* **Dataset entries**
Lemma canonical_first_univ a b (ox : 'I_a -> X) (oy : 'I_b -> Y) (i0 : 'I_b) x :
  canonical_ordering adj ox oy -> val i0 = 0 -> adj x (oy i0) -> forall y, adj x y.
Proof.
case=> _ [inv_oy _ inv_oyK] _ nbX_mono i0_0 x_y0 y.
have i0_le : i0 <= inv_oy y by move: i0_0 => /= ->.
by have /subsetP/(_ x) := nbX_mono _ _ i0_le; rewrite inv_oyK !inE; apply.
Qed.

End Neighbourhoods.

Section NegativeEdges.

Variables (X Y : finType) (adj neg : X -> Y -> bool) (xi xj : X) (yl yq yr : Y).
Hypotheses (xi_neq_xj : xi != xj) (uniq_y : uniq [:: yl; yq; yr]).
Hypotheses (xi_univ : forall y, adj xi y) (xj_univ : forall y, adj xj y).
Hypotheses (neg_il : neg xi yl) (neg_iq : neg xi yq) (neg_jr : neg xj yr).
Hypothesis no_simplicial : forall x y, ~~ signed_simplicial adj neg x y.

Lemma least_nb_negative_edge t :
  least_nb adj yr t -> ~~ adj t yl -> ~~ adj t yq ->
  contains_F3456 adj neg \/
  exists x' y', [/\ x' != t, least_nb adj yr x', adj t y', y' != yr & neg x' y'].
Proof.
move=> least_t t_l t_q; have [t_r t_min] := least_t.
have := no_simplicial t yr; rewrite /signed_simplicial t_r /=.
case/forallPn=> x'; rewrite negb_imply !inE => /andP[/andP[x'_t x'_r]].
case/forallPn=> y'; rewrite negb_imply !inE => /andP[/andP[y'_r t_y']].
rewrite (least_nb_adj least_t x'_r t_y') /= negbK => neg_x'y'.
have t_i : t != xi by apply: contraNneq t_l => ->.
have t_j : t != xj by apply: contraNneq t_l => ->.
have y'_l : y' != yl by apply: contraNneq t_l => <-.
have y'_q : y' != yq by apply: contraNneq t_q => <-.
move: uniq_y; rewrite /= !inE negb_or andbT => /andP[/andP[l_q l_r] q_r].
case: (eqVneq x' xi) neg_x'y' => [-> | x'_i] neg_x'y'.
  by left; apply: (@contains_F5_transposed _ _ adj neg xi xj t yl y' yr) => //; solve_uniq.
case: (eqVneq x' xj) neg_x'y' => [-> | x'_j] neg_x'y'.
  by left; apply: (@contains_F3 _ _ adj neg xi xj yl yq yr y') => //; solve_uniq.
case: (boolP [exists y, adj x' y && ~~ adj t y]) => [/existsP[y /andP[x'_y t_y]] | ].
  have y'_y : y' != y by apply: contraNneq t_y => <-.
  have r_y : yr != y by apply: contraNneq t_y => <-.
  left; apply: (@contains_F5 _ _ adj neg t x' xj y' yr y) => //; try by solve_uniq.
  exact: least_nb_adj least_t x'_r t_y'.
move/existsPn=> x'_sub_t; right; exists x', y'; split=> //; split=> // x x_r.
apply: subset_trans (t_min x x_r); apply/subsetP=> y; rewrite !inE => x'_y.
by have := x'_sub_t y; rewrite x'_y negbK.
Qed.

Lemma least_nb_F3456 t :
  least_nb adj yr t -> ~~ adj t yl -> ~~ adj t yq -> contains_F3456 adj neg.
Proof.
move=> least_t t_l t_q; have [t_r _] := least_t.
case: (least_nb_negative_edge least_t t_l t_q) => // -[x1 [y1 [_ least_x1 t_y1 y1_r n11]]].
have [x1_r _] := least_x1.
have x1_l := least_nb_nonadj least_x1 t_r t_l.
have x1_q := least_nb_nonadj least_x1 t_r t_q.
case: (least_nb_negative_edge least_x1 x1_l x1_q) => // -[x2 [y2 [x2_1 least_x2 x1_y2 y2_r n22]]].
have [x2_r _] := least_x2.
have x2_l := least_nb_nonadj least_x2 x1_r x1_l.
have x2_q := least_nb_nonadj least_x2 x1_r x1_q.
have x1_y1 := least_nb_adj least_t x1_r t_y1.
have x2_y1 := least_nb_adj least_t x2_r t_y1.
have x2_y2 := least_nb_adj least_x1 x2_r x1_y2.
have x1_i : x1 != xi by apply: contraNneq x1_l => ->.
have x1_j : x1 != xj by apply: contraNneq x1_l => ->.
have x2_i : x2 != xi by apply: contraNneq x2_l => ->.
have x2_j : x2 != xj by apply: contraNneq x2_l => ->.
have y1_l : y1 != yl by apply: contraNneq t_l => <-.
have y1_q : y1 != yq by apply: contraNneq t_q => <-.
move: uniq_y; rewrite /= !inE negb_or andbT => /andP[/andP[l_q l_r] q_r].
case: (eqVneq y1 y2) n22 => [<- | y1_2] n22.
  by apply: (@contains_F6 _ _ adj neg x1 x2 xj xi y1 yr yl yq) => //; solve_uniq.
apply: (@contains_F4 _ _ adj neg x1 x2 xj y1 y2 yr) => //; try by solve_uniq.
by move=> x y; rewrite !inE => /or3P[]/eqP-> /or3P[]/eqP->.
Qed.

End NegativeEdges.

Theorem lemma3p4 (X Y : finType) (adj neg : X -> Y -> bool)
  (a b : nat) (ox : 'I_a -> X) (oy : 'I_b -> Y)
  (xi xj xk : X) (yl yq yr : Y) :
  no_induced_2K2 adj -> no_isolated adj -> canonical_ordering adj ox oy ->
  uniq [:: xi; xj; xk] -> uniq [:: yl; yq; yr] ->
  (forall i0 : 'I_b, val i0 = 0 -> adj xi (oy i0) && adj xj (oy i0)) ->
  adj xi yl -> adj xi yq -> adj xi yr ->
  adj xj yl -> adj xj yq -> adj xj yr ->
  adj xk yr -> ~~ adj xk yl -> ~~ adj xk yq ->
  neg xi yl -> neg xi yq -> neg xj yr ->
  (forall (x : X) (y : Y), ~~ signed_simplicial adj neg x y) ->
  [\/ contains_family adj neg F3E F3Neg,
      contains_family adj neg F4E F4Neg,
      contains_family adj neg F5E F5Neg |
      contains_family adj neg F6E F6Neg].
Proof.
move=> no2K2 _ canon uniq_x uniq_y y1_ij _ _ _ _ _ _ xk_r xk_l xk_q n_il n_iq n_jr no_simplicial.
have b_gt0 : 0 < b.
  by case: canon => _ [inv_oy _ _] _ _; case: (inv_oy yl) => k /(leq_ltn_trans (leq0n k)).
have i0_0 : val (Ordinal b_gt0) = 0 by [].
have /andP[xi_y1 xj_y1] := y1_ij _ i0_0.
have xi_univ := canonical_first_univ canon i0_0 xi_y1.
have xj_univ := canonical_first_univ canon i0_0 xj_y1.
have xi_j : xi != xj by move: uniq_x; rewrite /= !inE negb_or => /andP[/andP[]].
have [t least_t] := exists_least_nb no2K2 xk_r.
apply: (least_nb_F3456 xi_j uniq_y xi_univ xj_univ n_il n_iq n_jr no_simplicial least_t).
- exact: least_nb_nonadj least_t xk_r xk_l.
- exact: least_nb_nonadj least_t xk_r xk_q.
Qed.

* **Problem to solve**
Give all of the entries again, word for word.

* **Written response**
Lemma canonical_first_univ a b (ox : 'I_a -> X) (oy : 'I_b -> Y) (i0 : 'I_b) x :
  canonical_ordering adj ox oy -> val i0 = 0 -> adj x (oy i0) -> forall y, adj x y.
Proof.
case=> _ [inv_oy _ inv_oyK] _ nbX_mono i0_0 x_y0 y.
have i0_le : i0 <= inv_oy y by move: i0_0 => /= ->.
by have /subsetP/(_ x) := nbX_mono _ _ i0_le; rewrite inv_oyK !inE; apply.
Qed.

End Neighbourhoods.

Section NegativeEdges.

Variables (X Y : finType) (adj neg : X -> Y -> bool) (xi xj : X) (yl yq yr : Y).
Hypotheses (xi_neq_xj : xi != xj) (uniq_y : uniq [:: yl; yq; yr]).
Hypotheses (xi_univ : forall y, adj xi y) (xj_univ : forall y, adj xj y).
Hypotheses (neg_il : neg xi yl) (neg_iq : neg xi yq) (neg_jr : neg xj yr).
Hypothesis no_simplicial : forall x y, ~~ signed_simplicial adj neg x y.

Lemma least_nb_negative_edge t :
  least_nb adj yr t -> ~~ adj t yl -> ~~ adj t yq ->
  contains_F3456 adj neg \/
  exists x' y', [/\ x' != t, least_nb adj yr x', adj t y', y' != yr & neg x' y'].
Proof.
move=> least_t t_l t_q; have [t_r t_min] := least_t.
have := no_simplicial t yr; rewrite /signed_simplicial t_r /=.
case/forallPn=> x'; rewrite negb_imply !inE => /andP[/andP[x'_t x'_r]].
case/forallPn=> y'; rewrite negb_imply !inE => /andP[/andP[y'_r t_y']].
rewrite (least_nb_adj least_t x'_r t_y') /= negbK => neg_x'y'.
have t_i : t != xi by apply: contraNneq t_l => ->.
have t_j : t != xj by apply: contraNneq t_l => ->.
have y'_l : y' != yl by apply: contraNneq t_l => <-.
have y'_q : y' != yq by apply: contraNneq t_q => <-.
move: uniq_y; rewrite /= !inE negb_or andbT => /andP[/andP[l_q l_r] q_r].
case: (eqVneq x' xi) neg_x'y' => [-> | x'_i] neg_x'y'.
  by left; apply: (@contains_F5_transposed _ _ adj neg xi xj t yl y' yr) => //; solve_uniq.
case: (eqVneq x' xj) neg_x'y' => [-> | x'_j] neg_x'y'.
  by left; apply: (@contains_F3 _ _ adj neg xi xj yl yq yr y') => //; solve_uniq.
case: (boolP [exists y, adj x' y && ~~ adj t y]) => [/existsP[y /andP[x'_y t_y]] | ].
  have y'_y : y' != y by apply: contraNneq t_y => <-.
  have r_y : yr != y by apply: contraNneq t_y => <-.
  left; apply: (@contains_F5 _ _ adj neg t x' xj y' yr y) => //; try by solve_uniq.
  exact: least_nb_adj least_t x'_r t_y'.
move/existsPn=> x'_sub_t; right; exists x', y'; split=> //; split=> // x x_r.
apply: subset_trans (t_min x x_r); apply/subsetP=> y; rewrite !inE => x'_y.
by have := x'_sub_t y; rewrite x'_y negbK.
Qed.

Lemma least_nb_F3456 t :
  least_nb adj yr t -> ~~ adj t yl -> ~~ adj t yq -> contains_F3456 adj neg.
Proof.
move=> least_t t_l t_q; have [t_r _] := least_t.
case: (least_nb_negative_edge least_t t_l t_q) => // -[x1 [y1 [_ least_x1 t_y1 y1_r n11]]].
have [x1_r _] := least_x1.
have x1_l := least_nb_nonadj least_x1 t_r t_l.
have x1_q := least_nb_nonadj least_x1 t_r t_q.
case: (least_nb_negative_edge least_x1 x1_l x1_q) => // -[x2 [y2 [x2_1 least_x2 x1_y2 y2_r n22]]].
have [x2_r _] := least_x2.
have x2_l := least_nb_nonadj least_x2 x1_r x1_l.
have x2_q := least_nb_nonadj least_x2 x1_r x1_q.
have x1_y1 := least_nb_adj least_t x1_r t_y1.
have x2_y1 := least_nb_adj least_t x2_r t_y1.
have x2_y2 := least_nb_adj least_x1 x2_r x1_y2.
have x1_i : x1 != xi by apply: contraNneq x1_l => ->.
have x1_j : x1 != xj by apply: contraNneq x1_l => ->.
have x2_i : x2 != xi by apply: contraNneq x2_l => ->.
have x2_j : x2 != xj by apply: contraNneq x2_l => ->.
have y1_l : y1 != yl by apply: contraNneq t_l => <-.
have y1_q : y1 != yq by apply: contraNneq t_q => <-.
move: uniq_y; rewrite /= !inE negb_or andbT => /andP[/andP[l_q l_r] q_r].
case: (eqVneq y1 y2) n22 => [<- | y1_2] n22.
  by apply: (@contains_F6 _ _ adj neg x1 x2 xj xi y1 yr yl yq) => //; solve_uniq.
apply: (@contains_F4 _ _ adj neg x1 x2 xj y1 y2 yr) => //; try by solve_uniq.
by move=> x y; rewrite !inE => /or3P[]/eqP-> /or3P[]/eqP->.
Qed.

End NegativeEdges.

Theorem lemma3p4 (X Y : finType) (adj neg : X -> Y -> bool)
  (a b : nat) (ox : 'I_a -> X) (oy : 'I_b -> Y)
  (xi xj xk : X) (yl yq yr : Y) :
  no_induced_2K2 adj -> no_isolated adj -> canonical_ordering adj ox oy ->
  uniq [:: xi; xj; xk] -> uniq [:: yl; yq; yr] ->
  (forall i0 : 'I_b, val i0 = 0 -> adj xi (oy i0) && adj xj (oy i0)) ->
  adj xi yl -> adj xi yq -> adj xi yr ->
  adj xj yl -> adj xj yq -> adj xj yr ->
  adj xk yr -> ~~ adj xk yl -> ~~ adj xk yq ->
  neg xi yl -> neg xi yq -> neg xj yr ->
  (forall (x : X) (y : Y), ~~ signed_simplicial adj neg x y) ->
  [\/ contains_family adj neg F3E F3Neg,
      contains_family adj neg F4E F4Neg,
      contains_family adj neg F5E F5Neg |
      contains_family adj neg F6E F6Neg].
Proof.
move=> no2K2 _ canon uniq_x uniq_y y1_ij _ _ _ _ _ _ xk_r xk_l xk_q n_il n_iq n_jr no_simplicial.
have b_gt0 : 0 < b.
  by case: canon => _ [inv_oy _ _] _ _; case: (inv_oy yl) => k /(leq_ltn_trans (leq0n k)).
have i0_0 : val (Ordinal b_gt0) = 0 by [].
have /andP[xi_y1 xj_y1] := y1_ij _ i0_0.
have xi_univ := canonical_first_univ canon i0_0 xi_y1.
have xj_univ := canonical_first_univ canon i0_0 xj_y1.
have xi_j : xi != xj by move: uniq_x; rewrite /= !inE negb_or => /andP[/andP[]].
have [t least_t] := exists_least_nb no2K2 xk_r.
apply: (least_nb_F3456 xi_j uniq_y xi_univ xj_univ n_il n_iq n_jr no_simplicial least_t).
- exact: least_nb_nonadj least_t xk_r xk_l.
- exact: least_nb_nonadj least_t xk_r xk_q.
Qed.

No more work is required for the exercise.